Il mese è stato caratterizzato da due fasi. La prima metà ha visto un aumento della propensione al rischio, nonostante le tensioni sul fronte geopolitico in particolare in Medio Oriente, l’allocazione di nuovi flussi di liquidità verso i mercati azionari (in particolare nei settori “growth” e nei mercati emergenti) e massimi di periodo per diversi indici. Nella seconda metà l’emergere del corona-virus, con il suo bagaglio di conseguenze sul fronte sanitario ed economico, in un mondo che si dimostra sempre più “interconnesso”, ha indotto ad una maggiore cautela: vendite nei mercati azionari (in particolare quelli emergenti) ed acquisti di titoli governativi, yen e franchi svizzeri.
Anche in questa occasione i mercati finanziari hanno dimostrato di temere l’incertezza, qualunque ne sia l’origine. L’evoluzione del quadro economico e di mercato è legata anche all’evoluzione del virus, in Cina e nel resto del mondo. Il prolungarsi del blocco dell’attività in Cina ha, ed avrà, ripercussioni sul settore dei servizi e sulla produzione industriale domestici, ma anche sui movimenti internazionali di persone, merci e flussi finanziari. E l’eventualità di una diffusione incontrollata del virus nel resto del mondo potrebbe avere effetti importanti sul ciclo economico globale.

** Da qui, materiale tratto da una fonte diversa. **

(* For all real $x,u,v$, $$\sum_{m,n=0}^{\infty}H_{m,n}(x)\frac{u^m}{m!}\frac{v^n}{n!}=\exp\!\left(-u^2+(2u+v)x-uv\right).$$
   Context: For integers $m,n\ge 0$, the two-index Hermite polynomial is $H_{m,n}(x)=\left(-\frac{d}{dx}+2x\right)^m(x^n)$, i.e. the operator $f\mapsto -f'+2xf$ applied $m$ times to $x^n$. *)

From Stdlib Require Import Reals List Arith Factorial.
Open Scope R_scope.

(* Real polynomials as coefficient lists, lowest degree first:
   [c0; c1; ...; ck] represents c0 + c1 x + ... + ck x^k. *)
Definition rpoly := list R.

Definition peval (p : rpoly) (x : R) : R :=
  fold_right (fun c acc => c + x * acc) 0 p.

Fixpoint padd (p q : rpoly) : rpoly :=
  match p, q with
  | nil, _ => q
  | _, nil => p
  | a :: p', b :: q' => (a + b) :: padd p' q'
  end.

Definition pscale (a : R) (p : rpoly) : rpoly := map (fun c => a * c) p.

Definition pmulX (p : rpoly) : rpoly := 0 :: p.

(* formal derivative: d/dx (sum c_i x^i) = sum (i+1) c_{i+1} x^i *)
Fixpoint pderiv_aux (k : nat) (p : rpoly) : rpoly :=
  match p with
  | nil => nil
  | c :: p' => (INR k * c) :: pderiv_aux (S k) p'
  end.
Definition pderiv (p : rpoly) : rpoly := pderiv_aux 1 (tl p).

Definition Hop (p : rpoly) : rpoly :=
  padd (pscale (-1) (pderiv p)) (pscale 2 (pmulX p)).

Definition pmonom (n : nat) : rpoly := repeat 0 n ++ (1 :: nil).

Definition H2 (m n : nat) : rpoly := Nat.iter m Hop (pmonom n).

Definition H2eval (m n : nat) (x : R) : R := peval (H2 m n) x.

(* Proof outline.
   1. From the formal-derivative definition, H_{m,n}' = n H_{m,n-1} + 2m H_{m-1,n}
      (d/dx and -d/dx + 2x commute up to 2), which gives the recurrence
      H_{m+1,n} = 2x H_{m,n} - n H_{m,n-1} - 2m H_{m-1,n}.
   2. Let h_m(y) be the coefficients of exp(y u - u^2) = sum_m h_m(y) u^m/m!,
      obtained as a Cauchy product of exp(y u) and exp(-u^2); they satisfy the
      Hermite recurrence h_{m+1} = y h_m - 2m h_{m-1}.
   3. Summing the recurrence of step 1 against v^n/n! shows, by induction on m,
      that the inner series sum_n H_{m,n}(x) v^n/n! equals exp(v x) h_m(2x - v).
   4. The outer series is then exp(v x) exp((2x - v)u - u^2), which is the
      claimed exponential. *)

From Coquelicot Require Import Coquelicot.
From Stdlib Require Import Reals List Factorial Lia Lra.
Open Scope R_scope.

Lemma peval_padd p q y : peval (padd p q) y = peval p y + peval q y.
Proof.
  revert q; induction p as [|a p IH]; intros [|b q]; simpl; try ring.
  rewrite IH; ring.
Qed.

Lemma peval_pscale a p y : peval (pscale a p) y = a * peval p y.
Proof. induction p as [|b p IH]; simpl; [ring|]. rewrite IH; ring. Qed.

Lemma peval_pmonom n y : peval (pmonom n) y = y ^ n.
Proof. induction n as [|n IH]; simpl; [ring|]. unfold pmonom in IH. rewrite IH; ring. Qed.

Lemma peval_pderiv_aux_succ k p y :
  peval (pderiv_aux (S k) p) y = peval (pderiv_aux k p) y + peval p y.
Proof.
  revert k; induction p as [|c p IH]; intros k; [simpl; ring|].
  change (INR (S k) * c + y * peval (pderiv_aux (S (S k)) p) y
          = INR k * c + y * peval (pderiv_aux (S k) p) y + (c + y * peval p y)).
  rewrite IH, S_INR. ring.
Qed.

Lemma peval_pderiv_cons c p y :
  peval (pderiv (c :: p)) y = peval p y + y * peval (pderiv p) y.
Proof.
  unfold pderiv; destruct p as [|c' p]; simpl; [ring|].
  rewrite peval_pderiv_aux_succ. simpl. ring.
Qed.

Lemma peval_is_derive p y : is_derive (peval p) y (peval (pderiv p) y).
Proof.
  induction p as [|c p IH].
  - apply (is_derive_ext (fun _ => 0)); [reflexivity|]. auto_derive; trivial.
  - rewrite peval_pderiv_cons.
    apply (is_derive_ext (fun z => c + z * peval p z)); [reflexivity|].
    auto_derive; [exists (peval (pderiv p) y); exact IH|].
    rewrite (is_derive_unique (fun z : R => peval p z) y _ IH). ring.
Qed.

Lemma peval_Hop p y : peval (Hop p) y = - peval (pderiv p) y + 2 * y * peval p y.
Proof. unfold Hop. rewrite peval_padd, !peval_pscale. simpl. ring. Qed.

Lemma derivative_unique (f : R -> R) (y a b : R) :
  is_derive f y a -> is_derive f y b -> a = b.
Proof.
  intros Ha Hb. rewrite <- (is_derive_unique f y a Ha). exact (is_derive_unique f y b Hb).
Qed.

(* [is_derive_ext] specialized to real functions, so that the side goals
   are equations in [R] that [ring] accepts. *)
Lemma is_derive_ext_R (f g : R -> R) (y l : R) :
  (forall z, f z = g z) -> is_derive f y l -> is_derive g y l.
Proof. apply is_derive_ext. Qed.

Lemma H2eval_zero n y : H2eval 0 n y = y ^ n.
Proof. apply peval_pmonom. Qed.

Lemma H2eval_succ m n y :
  H2eval (S m) n y = - peval (pderiv (H2 m n)) y + 2 * y * H2eval m n y.
Proof. apply peval_Hop. Qed.

Lemma H2eval_is_derive m n y : is_derive (H2eval m n) y (peval (pderiv (H2 m n)) y).
Proof. apply peval_is_derive. Qed.

(* The defining relation read one index lower, weighted by m so that it
   also holds (trivially) for m = 0, where m - 1 truncates to 0. *)
Lemma H2_pred_deriv m n y :
  INR m * peval (pderiv (H2 (m - 1) n)) y = INR m * (2 * y * H2eval (m - 1) n y - H2eval m n y).
Proof.
  destruct m as [|m]; [simpl; ring|].
  simpl (S m - 1)%nat. rewrite Nat.sub_0_r, H2eval_succ. ring.
Qed.

(* H_{m,n}' = n H_{m,n-1} + 2m H_{m-1,n}: the commutator of d/dx with
   -d/dx + 2x is 2.  By induction on m: the induction hypothesis turns
   H_{m+1,n} = 2x H_{m,n} - H_{m,n}' into a combination of H_{m,*} and
   H_{m-1,n}, which is differentiated term by term and then rewritten back
   with the defining relation. *)
Lemma H2_derivative m : forall n y,
  peval (pderiv (H2 m n)) y = INR n * H2eval m (n - 1) y + 2 * INR m * H2eval (m - 1) n y.
Proof.
  induction m as [|m IH]; intros n y.
  - apply (derivative_unique (H2eval 0 n) y); [apply H2eval_is_derive|].
    apply (is_derive_ext_R (fun z => z ^ n)); [intros z; symmetry; apply H2eval_zero|].
    auto_derive; [trivial|]. rewrite H2eval_zero. replace (pred n) with (n - 1)%nat by lia.
    simpl INR. ring.
  - apply (derivative_unique (H2eval (S m) n) y); [apply H2eval_is_derive|].
    apply (is_derive_ext_R (fun z => 2 * z * H2eval m n z - INR n * H2eval m (n - 1) z
                                   - 2 * INR m * H2eval (m - 1) n z)).
    { intros z. rewrite H2eval_succ, IH. ring. }
    auto_derive; [repeat split; eexists; apply H2eval_is_derive|].
    rewrite (is_derive_unique (fun z : R => H2eval m n z) y _ (H2eval_is_derive m n y)),
      (is_derive_unique (fun z : R => H2eval m (n - 1) z) y _ (H2eval_is_derive m (n - 1) y)),
      (is_derive_unique (fun z : R => H2eval (m - 1) n z) y _ (H2eval_is_derive (m - 1) n y)).
    pose proof (H2_pred_deriv m n y) as Hpred.
    rewrite IH, H2eval_succ. simpl (S m - 1)%nat. rewrite Nat.sub_0_r, S_INR.
    (* linear in the values of H and of their derivatives, given Hpred *)
    lra.
Qed.

Lemma H2eval_recurrence m n y :
  H2eval (S m) n y
  = 2 * y * H2eval m n y - INR n * H2eval m (n - 1) y - 2 * INR m * H2eval (m - 1) n y.
Proof. rewrite H2eval_succ, H2_derivative. ring. Qed.

Lemma is_series_Rscal (c : R) (a : nat -> R) (l : R) :
  is_series a l -> is_series (fun n => c * a n) (c * l).
Proof. exact (is_series_scal c a l). Qed.

Lemma is_series_Rplus (a b : nat -> R) (la lb : R) :
  is_series a la -> is_series b lb -> is_series (fun n => a n + b n) (la + lb).
Proof. exact (is_series_plus a b la lb). Qed.

Lemma is_series_R_ext (a b : nat -> R) (l : R) :
  (forall n, a n = b n) -> is_series a l -> is_series b l.
Proof. apply is_series_ext. Qed.

Lemma is_series_exp z : is_series (fun k => z ^ k / INR (fact k)) (exp z).
Proof.
  apply (is_series_R_ext (fun k => scal (pow_n z k) (/ INR (fact k)))); [|apply is_exp_Reals].
  intros k. rewrite pow_n_pow. reflexivity.
Qed.

Lemma is_series_drop_zero (a : nat -> R) (l : R) :
  a O = 0 -> is_series (fun k => a (S k)) l -> is_series a l.
Proof.
  intros Ha0 H. apply is_series_decr_1.
  rewrite Ha0.
  change (is_series (fun k => a (S k)) (l + - 0)). rewrite Ropp_0, Rplus_0_r. exact H.
Qed.

(* [spread a] is the sequence a_0, 0, a_1, 0, a_2, ...: the coefficients of
   sum_k a_k t^(2k) as a power series in t. *)
Definition spread (a : nat -> R) (j : nat) : R :=
  if Nat.even j then a (Nat.div2 j) else 0.

Lemma spread_even a k : spread a (2 * k) = a k.
Proof. unfold spread. rewrite Nat.even_even, Nat.div2_double. reflexivity. Qed.

Lemma spread_odd a k : spread a (S (2 * k)) = 0.
Proof. unfold spread. replace (S (2 * k)) with (2 * k + 1)%nat by lia. now rewrite Nat.even_odd. Qed.

Lemma sum_spread_double a k :
  sum_f_R0 (spread a) (2 * k) = sum_f_R0 a k /\ sum_f_R0 (spread a) (S (2 * k)) = sum_f_R0 a k.
Proof.
  induction k as [|k [IHeven IHodd]].
  - unfold spread; simpl. split; ring.
  - assert (Heven : sum_f_R0 (spread a) (2 * S k) = sum_f_R0 a (S k)).
    { replace (2 * S k)%nat with (S (S (2 * k))) by lia.
      rewrite tech5, IHodd. replace (S (S (2 * k))) with (2 * S k)%nat by lia.
      rewrite spread_even. reflexivity. }
    split; [exact Heven|]. rewrite tech5, Heven, spread_odd. ring.
Qed.

Lemma sum_spread a n : sum_f_R0 (spread a) n = sum_f_R0 a (Nat.div2 n).
Proof.
  destruct (Nat.Even_or_Odd n) as [[k ->] | [k ->]].
  - rewrite Nat.div2_double. apply sum_spread_double.
  - replace (2 * k + 1)%nat with (S (2 * k)) by lia.
    rewrite Nat.div2_succ_double. apply sum_spread_double.
Qed.

Lemma is_series_spread a l : is_series a l -> is_series (spread a) l.
Proof.
  unfold is_series. intros H.
  apply (filterlim_ext (fun n => sum_n a (Nat.div2 n))).
  { intros n. rewrite !sum_n_Reals. symmetry. apply sum_spread. }
  apply (filterlim_comp _ _ _ Nat.div2 (sum_n a) _ Hierarchy.eventually); [|exact H].
  intros P [N HN]. exists (2 * N)%nat. intros n Hn. apply HN.
  apply Nat.div2_le_lower_bound. exact Hn.
Qed.

Lemma spread_mult_pow (a : nat -> R) (u : R) (j : nat) :
  spread a j * u ^ j = spread (fun k => a k * (u ^ 2) ^ k) j.
Proof.
  destruct (Nat.Even_or_Odd j) as [[k ->] | [k ->]].
  - rewrite !spread_even, <- pow_mult. reflexivity.
  - replace (2 * k + 1)%nat with (S (2 * k)) by lia. rewrite !spread_odd. ring.
Qed.

Lemma Rabs_spread (a : nat -> R) (j : nat) :
  Rabs (spread a j) = spread (fun k => Rabs (a k)) j.
Proof. unfold spread. destruct (Nat.even j); [reflexivity | apply Rabs_R0]. Qed.

(* Coefficients of exp(y u) and exp(-u^2) in powers of u, and their
   Cauchy product: exp(y u - u^2) = sum_m hermite_coef y m u^m.  The numbers
   hermite y m = m! hermite_coef y m are the Hermite polynomials H_m(y/2). *)
Definition exp_coef (y : R) (k : nat) : R := y ^ k / INR (fact k).

Definition gauss_coef : nat -> R := spread (fun k => (-1) ^ k / INR (fact k)).

Definition hermite_coef (y : R) (m : nat) : R :=
  sum_f_R0 (fun k => exp_coef y k * gauss_coef (m - k)) m.

Definition hermite (y : R) (m : nat) : R := INR (fact m) * hermite_coef y m.

Lemma exp_coef_succ y k : INR (S k) * exp_coef y (S k) = y * exp_coef y k.
Proof.
  unfold exp_coef. rewrite fact_simpl, mult_INR. simpl pow.
  field. split; [apply INR_fact_neq_0 | apply not_0_INR; lia].
Qed.

Lemma gauss_coef_succ_succ j : INR (S (S j)) * gauss_coef (S (S j)) = -2 * gauss_coef j.
Proof.
  unfold gauss_coef. destruct (Nat.Even_or_Odd j) as [[k ->] | [k ->]].
  - replace (S (S (2 * k))) with (2 * S k)%nat by lia. rewrite !spread_even.
    rewrite fact_simpl, !mult_INR. replace (INR 2) with 2 by (simpl; ring). simpl pow.
    field. split; [apply INR_fact_neq_0 | apply not_0_INR; lia].
  - replace (S (S (2 * k + 1))) with (S (2 * S k)) by lia.
    replace (2 * k + 1)%nat with (S (2 * k)) by lia. rewrite !spread_odd. ring.
Qed.

(* Splitting (m+2) = k + (m+2-k) in the Cauchy product: the part weighted
   by k sees the recurrence of [exp_coef], the part weighted by m+2-k the
   recurrence of [gauss_coef] (the terms with m+2-k <= 1 vanish). *)
Lemma sum_index_weighted y N :
  sum_f_R0 (fun k => INR k * (exp_coef y k * gauss_coef (S N - k))) (S N)
  = y * hermite_coef y N.
Proof.
  rewrite decomp_sum by lia. simpl pred. rewrite Rmult_0_l, Rplus_0_l.
  unfold hermite_coef. rewrite scal_sum. apply sum_eq. intros k Hk.
  replace (S N - S k)%nat with (N - k)%nat by lia.
  rewrite <- Rmult_assoc, exp_coef_succ. ring.
Qed.

Lemma sum_coindex_weighted y m :
  sum_f_R0 (fun k => INR (S (S m) - k) * (exp_coef y k * gauss_coef (S (S m) - k))) (S (S m))
  = -2 * hermite_coef y m.
Proof.
  rewrite !tech5, Nat.sub_diag. replace (S (S m) - S m)%nat with 1%nat by lia.
  replace (gauss_coef 1) with 0 by reflexivity.
  rewrite INR_0, Rmult_0_l, !Rmult_0_r, !Rplus_0_r.
  unfold hermite_coef. rewrite scal_sum.
  rewrite (sum_eq _ (fun k => exp_coef y k * gauss_coef (m - k) * -2)); [ring|].
  intros k Hk. replace (S (S m) - k)%nat with (S (S (m - k))) by lia.
  rewrite (Rmult_comm (exp_coef y k)), <- Rmult_assoc, gauss_coef_succ_succ. ring.
Qed.

Lemma hermite_coef_rec y m :
  (INR m + 2) * hermite_coef y (S (S m)) = y * hermite_coef y (S m) - 2 * hermite_coef y m.
Proof.
  transitivity (y * hermite_coef y (S m) + -2 * hermite_coef y m); [|ring].
  rewrite <- sum_index_weighted, <- sum_coindex_weighted, <- plus_sum.
  unfold hermite_coef. rewrite scal_sum. apply sum_eq. intros k Hk.
  rewrite minus_INR by lia. rewrite !S_INR. ring.
Qed.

Abbiamo deciso di adottare un approccio pragmatico. La leadership cinese, che sa di avere gestito male le emergenze precedenti e la fase iniziale di questa, e di essere “sotto esame” da parte della comunità internazionale e dello stesso popolo cinese, ha capito l’importanza di un intervento “forte” per controllare le conseguenze economiche dell’epidemia. Per questo riteniamo che nei prossimi mesi implementerà politiche monetarie e fiscali espansive, volte a stabilizzare la crescita economica non lontano dall’obiettivo del 6% che è necessario per garantire stabilità finanziaria delle aziende, bassa disoccupazione e, in conclusione, evitare l’instabilità sociale ed il verificarsi dei disordini visti ad Hong Kong. E stabilità e crescita in Cina sono importanti anche per il mantenimento dei livelli di crescita attesa per l’economia globale.
Sulla base di questa considerazione stiamo affrontando la fase di mercato attuale senza sottovalutare i rischi ma senza assumere un atteggiamento estremamente difensivo.
La nostra attività di gestione continua a fondarsi sulla stima di un quadro economico per il 2020 in miglioramento rispetto al 2019 nonostante l’emergenza “virus”, con rialzo dei rendimenti obbligazionari e sovraperformance della parte ciclica del mercato azionario.
Abbiamo ridotto l’esposizione azionaria dal 60 al 45%, riducendo in particolare l’esposizione all’Europa ed ai mercati emergenti. Continuiamo comunque a guardare all’area emergente con attenzione perché le prossime settimane potrebbero presentare opportunità di investimento interessanti. Abbiamo aumentato l’esposizione ai settori tecnologico (+7%), utilities (+3%), farmaceutico (+2%) e materiali (+1%) riducendo il peso di finanziari (-6%), energetici (-3%), industriali (-2%) e consumi di base (-1%).
Il portafoglio obbligazionario è investito in obbligazioni emergenti in valuta locale (6%) e obbligazioni corporate investment grade a tasso variabile (5%). Abbiamo chiuso le posizioni ribassiste sulle scadenze lunghe delle curve americana ed europea. Con questa struttura la duration complessiva del fondo è passata da -0,85 a +0,4 anni.
Abbiamo aumentato l’esposizione al dollaro americano azzerando le posizioni su rublo e CNY, e ridotto l’esposizione all’euro a fronte di acquisti di franchi svizzeri e yen.
La struttura del portafoglio continua a privilegiare l’investimento azionario rispetto a quello obbligazionario ed all’oro, perché riteniamo che entrambi presentino un profilo di rischio-rendimento non interessante in uno scenario di tassi di interesse moderatamente rialzista.